> _WORK ITEM_
When the line with "meeting the preimage of" appears below, start repeating lines exactly, and keep going through the line with "rewrite -(subnKC (ltnW"; add nothing outside that span.

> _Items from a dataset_

Definition condH (R : realType) (b : nat) (gamma : R) (phi : R -> R) : Prop :=
  forall i j : Sig b, i <> j ->
    ~ (forall x : R, 0 <= x <= 1 ->
         Sfun R b gamma phi x j - Sfun R b gamma phi x i = 0).

Definition mx (R : realType) (b : nat) (gamma : R) (phi : R -> R)
    (P : probability (SigM b) R) (x : R) (A : set R) : \bar R :=
  P ((Sfun R b gamma phi x : SigM b -> R) @^-1` A).

(* If j and j' share their first n digits, then
   |S j - S j'| <= 2 C gamma^n, and prepending a word u rescales differences:
   S(x, u i) - S(x, u j) = gamma^|u| (S(x_u, i) - S(x_u, j)), where x_u is the image of x
   under the inverse branches t |-> (t + a)/b along u.  Condition (H) separates two digit
   sequences i, j by some d > 0 at some x0; as S is Lipschitz in x and the points x_u with
   |u| = K are b^-K-dense, every x has a word w of length K after which i and j are still
   separated by d/2.  So, for rho small compared with gamma^(s+K) d, every s-cylinder
   meeting the preimage of B(y, rho) contains an (s+K+N)-cylinder missing it, where
   C gamma^N is small compared with d (continue by w, then by i or by j): the union of the cylinders meeting the preimage loses the
   proportion b^-(K+N) of its mass each time the depth grows by K+N.  Starting at the depth
   n with gamma^n ~ r and iterating m times gives
   m_x(B(y, delta r)) <= (1 - b^-(K+N))^m m_x(B(y, r)). *)

From HB Require Import structures.
From mathcomp Require Import all_boot all_order all_algebra.
From mathcomp Require Import all_classical all_reals all_analysis.
From mathcomp Require Import ring lra.
Import Order.TTheory GRing.Theory Num.Theory numFieldNormedType.Exports.
Local Open Scope classical_set_scope.
Local Open Scope ring_scope.

Section geometric_bounds.
Context {R : realType}.
Implicit Types (q g c e M a : R) (u v : R ^nat).

Lemma exists_mul_expr_le c e q : 0 <= q < 1 -> 0 < e -> exists n, c * q ^+ n <= e.
Proof.
move=> /andP[q0 q1] e0; have c1 : 0 < `|c| + 1 by rewrite ltr_pwDr.
have q1' : `|q| < 1 by rewrite ger0_norm.
have [n _ /(_ n (leqnn n))] := cvgr_lt _ (cvg_expr q1') _ (divr_gt0 e0 c1).
rewrite ltr_pdivlMr // mulrC => lt_qn; exists n; apply: le_trans (ltW lt_qn).
by apply: ler_wpM2r; [exact: exprn_ge0 | rewrite (le_trans (ler_norm c)) ?lerDl].
Qed.

Lemma exists_expr_bracket q a : 0 < q < 1 -> 0 < a <= 1 ->
  exists n, q * a < q ^+ n <= a.
Proof.
move=> /andP[q0 q1] /andP[a0 a1].
have ex : exists n, q ^+ n <= a.
  have [|n] := @exists_mul_expr_le 1 a q _ a0; first by rewrite ltW.
  by rewrite mul1r; exists n.
case: (ex_minnP ex) => n qna qn_min; exists n; rewrite qna andbT.
case: n qna qn_min => [|n] _ qn_min; first by rewrite expr0; nra.
have : a < q ^+ n by rewrite ltNge; apply/negP => /qn_min; rewrite ltnn.
by rewrite exprS ltr_pM2l.
Qed.

Lemma sum_expr_tail_le g (N n : nat) : 0 <= g < 1 ->
  \sum_(N <= k < n) g ^+ k <= g ^+ N / (1 - g).
Proof.
move=> /andP[g0 g1]; have g1' : 0 < 1 - g by rewrite subr_gt0.
have gN0 : 0 <= g ^+ N / (1 - g) by rewrite divr_ge0 ?exprn_ge0 // ltW.
have [nN|Nn] := leqP n N; first by rewrite big_geq.
rewrite -(subnKC (ltnW Nn)) geometric_partial_tail geometric_seriesE ?lt_eqF //=.
rewrite ler_pM2r ?invr_gt0 // ler_piMr ?exprn_ge0 // lerBlDr lerDl exprn_ge0 //.
Qed.

Lemma is_cvg_series_expr_dominated u M g : 0 <= g < 1 ->
  (forall m, `|u m| <= M * g ^+ m) -> cvgn (series u).
Proof.
move=> /andP[g0 g1] u_le; apply: normed_cvg.
have M0 : 0 <= M by have := u_le 0%N; rewrite expr0 mulr1; apply: le_trans.
apply: (series_le_cvg (v_ := geometric M g)) => //=.
- by move=> m; apply: geometric_ge0.
- by apply: is_cvg_geometric_series; rewrite ger0_norm.
Qed.

Lemma series_tail_le u M g : 0 <= g < 1 ->
  (forall m, `|u m| <= M * g ^+ m) ->
  forall N, `|limn (series u) - series u N| <= M * (g ^+ N / (1 - g)).
Proof.
move=> g01 u_le N.
have M0 : 0 <= M by have := u_le 0%N; rewrite expr0 mulr1; apply: le_trans.
have cu : cvgn (series u) by apply: is_cvg_series_expr_dominated g01 u_le.
have partial_le n : (N <= n)%N -> `|series u n - series u N| <= M * (g ^+ N / (1 - g)).
  move=> Nn; rewrite sub_series Nn; apply: le_trans (ler_norm_sum _ _ _) _.
  apply: le_trans (ler_sum _ (fun m _ => u_le m)) _.
  by rewrite -mulr_sumr ler_wpM2l // sum_expr_tail_le.
have near_N : \forall n \near \oo, `|series u n - series u N| <= M * (g ^+ N / (1 - g)).
  by near=> n; apply: partial_le; near: n; exact: nbhs_infty_ge.
rewrite ler_norml; apply/andP; split.
- rewrite lerBrDr; apply: limr_ge => //.
  by apply: filterS near_N => n; rewrite ler_norml => /andP[? ?]; lra.
- rewrite lerBlDr; apply: limr_le => //.
  by apply: filterS near_N => n; rewrite ler_norml => /andP[? ?]; lra.
Unshelve. all: by end_near.
Qed.

Lemma lim_dist_le u v e : cvgn u -> cvgn v ->
  (forall n, `|u n - v n| <= e) -> `|limn u - limn v| <= e.
Proof.
move=> cu cv uv_le; rewrite -limB // -lim_norm; last exact: is_cvgB.
by apply: limr_le; [apply: is_cvg_norm; exact: is_cvgB | exact: nearW].
Qed.
End geometric_bounds.

Definition eq_prefix {b : nat} (n : nat) (j j' : Sig b) : Prop :=
  forall k, (k < n)%N -> j k = j' k.

Definition scons {b : nat} (a : Lam b) (j : Sig b) : Sig b :=
  fun k => if k is k'.+1 then j k' else a.

Definition prepend {b : nat} (w : seq (Lam b)) (j : Sig b) : Sig b :=
  foldr scons j w.

Lemma digit_lt (b : nat) (a : Lam b) : (0 < b)%N -> (a < b)%N.
Proof. by move=> b0; have := ltn_ord a; move: (nat_of_ord a); rewrite prednK. Qed.
Definition right_noetherian (S : Type) (zero : S) (add : S -> S -> S) (opp : S -> S)
  (mul : S -> S -> S) : Prop :=
  forall I : nat -> S -> Prop,
    (forall n, right_ideal zero add opp mul (I n)) ->
    (forall n x, I n x -> I n.+1 x) ->
    exists N, forall n, (N <= n)%N -> forall x, I n x <-> I N x.

Section Ore.
Variable R : zmodType.

Fixpoint trim (s : seq R) : seq R :=
  match s with
  | [::] => [::]
  | x :: s' => let t := trim s' in
               if (t == [::]) && (x == 0) then [::] else x :: t
  end.

Lemma trim_wf (s : seq R) : (trim s == [::]) || (last 0 (trim s) != 0).
Proof.
elim: s => [|x s IH] //=.
case: ifP => [_|]; first by [].
case E: (trim s) IH => [|y t] IH /=.
  by move=> ->.
by move=> _; case/orP: IH.
Qed.

(* formal sums sum_i r_i X^i, i.e. finitely supported coefficient sequences,
   stored canonically (no trailing zeros) *)
Record opoly := OPoly { ocoefs : seq R;
                        ocoefs_wf : (ocoefs == [::]) || (last 0 ocoefs != 0) }.

Definition mkop (s : seq R) : opoly := @OPoly (trim s) (trim_wf s).

Definition ocoef (p : opoly) (i : nat) : R := nth 0 (ocoefs p) i.

Definition ozero : opoly := mkop [::].

Definition oadd (p q : opoly) : opoly :=
  mkop [seq ocoef p i + ocoef q i | i <- iota 0 (maxn (size (ocoefs p)) (size (ocoefs q)))].

Definition oopp (p : opoly) : opoly := mkop [seq - x | x <- ocoefs p].

Variables (mul : R -> R -> R) (sigma delta : R -> R).

Definition comp_word (w : seq bool) : R -> R :=
  foldr (fun b f => (if b then sigma else delta) \o f) id w.

(* pi_i^m : sum of all binom(m,i) compositions of i copies of sigma and
   m-i copies of delta (an empty sum, i.e. 0, when i > m) *)
Definition pi_op (m i : nat) (x : R) : R :=
  \sum_(w : m.-tuple bool | count id w == i) comp_word w x.

(* biadditive extension of (r X^m)(s X^n) = sum_i (r pi_i^m(s)) X^(i+n):
   the coefficient of X^k is sum_m sum_(n <= k) p_m pi_(k-n)^m (q_n) *)
Definition omul (p q : opoly) : opoly :=
  mkop [seq \sum_(m < size (ocoefs p)) \sum_(n < k.+1)
              mul (ocoef p m) (pi_op m (k - n) (ocoef q n))
        | k <- iota 0 (size (ocoefs p) + size (ocoefs q))].

End Ore.

From mathcomp Require Import all_boot all_algebra zify.
Set Implicit Arguments. Unset Strict Implicit. Unset Printing Implicit Defensive.
Import GRing.Theory.
Local Open Scope ring_scope.

(* For a right ideal J of R[X; sigma, delta] let L_d(J) (coef_ideal J d) be the
   set of d-th coefficients of the elements of J of degree at most d. It is a
   right ideal of R: for deg f <= d the d-th coefficient of f r is
   f_d sigma^d(r), since only the word sigma^d contributes, and sigma^d is onto.
   Multiplication by X shifts coefficients (sigma 1 = 1, delta 1 = 0), so L_d(J)
   grows with d; it also grows with J. By induction on the degree, J <= J' and
   L_d(J') <= L_d(J) for all d force J' <= J. For an ascending chain (J_k), the
   ACC for the diagonal chain (L_k(J_k))_k, stable from some N0, and for the
   finitely many chains (L_d(J_k))_k with d <= N0 makes all the L_d(J_k) stable
   from a common N, hence (J_k) is stable from N. *)

Lemma additive0 (R : zmodType) (f : R -> R) :
  (forall x y, f (x + y) = f x + f y) -> f 0 = 0.
Proof. by move=> fD; apply: (addrI (f 0)); rewrite -fD !addr0. Qed.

> _SOLUTION FOR THIS PROBLEM_
   meeting the preimage of B(y, rho) contains an (s+K+N)-cylinder missing it, where
   C gamma^N is small compared with d (continue by w, then by i or by j): the union of the cylinders meeting the preimage loses the
   proportion b^-(K+N) of its mass each time the depth grows by K+N.  Starting at the depth
   n with gamma^n ~ r and iterating m times gives
   m_x(B(y, delta r)) <= (1 - b^-(K+N))^m m_x(B(y, r)). *)

From HB Require Import structures.
From mathcomp Require Import all_boot all_order all_algebra.
From mathcomp Require Import all_classical all_reals all_analysis.
From mathcomp Require Import ring lra.
Import Order.TTheory GRing.Theory Num.Theory numFieldNormedType.Exports.
Local Open Scope classical_set_scope.
Local Open Scope ring_scope.

Section geometric_bounds.
Context {R : realType}.
Implicit Types (q g c e M a : R) (u v : R ^nat).

Lemma exists_mul_expr_le c e q : 0 <= q < 1 -> 0 < e -> exists n, c * q ^+ n <= e.
Proof.
move=> /andP[q0 q1] e0; have c1 : 0 < `|c| + 1 by rewrite ltr_pwDr.
have q1' : `|q| < 1 by rewrite ger0_norm.
have [n _ /(_ n (leqnn n))] := cvgr_lt _ (cvg_expr q1') _ (divr_gt0 e0 c1).
rewrite ltr_pdivlMr // mulrC => lt_qn; exists n; apply: le_trans (ltW lt_qn).
by apply: ler_wpM2r; [exact: exprn_ge0 | rewrite (le_trans (ler_norm c)) ?lerDl].
Qed.

Lemma exists_expr_bracket q a : 0 < q < 1 -> 0 < a <= 1 ->
  exists n, q * a < q ^+ n <= a.
Proof.
move=> /andP[q0 q1] /andP[a0 a1].
have ex : exists n, q ^+ n <= a.
  have [|n] := @exists_mul_expr_le 1 a q _ a0; first by rewrite ltW.
  by rewrite mul1r; exists n.
case: (ex_minnP ex) => n qna qn_min; exists n; rewrite qna andbT.
case: n qna qn_min => [|n] _ qn_min; first by rewrite expr0; nra.
have : a < q ^+ n by rewrite ltNge; apply/negP => /qn_min; rewrite ltnn.
by rewrite exprS ltr_pM2l.
Qed.

Lemma sum_expr_tail_le g (N n : nat) : 0 <= g < 1 ->
  \sum_(N <= k < n) g ^+ k <= g ^+ N / (1 - g).
Proof.
move=> /andP[g0 g1]; have g1' : 0 < 1 - g by rewrite subr_gt0.
have gN0 : 0 <= g ^+ N / (1 - g) by rewrite divr_ge0 ?exprn_ge0 // ltW.
have [nN|Nn] := leqP n N; first by rewrite big_geq.
rewrite -(subnKC (ltnW Nn)) geometric_partial_tail geometric_seriesE ?lt_eqF //=.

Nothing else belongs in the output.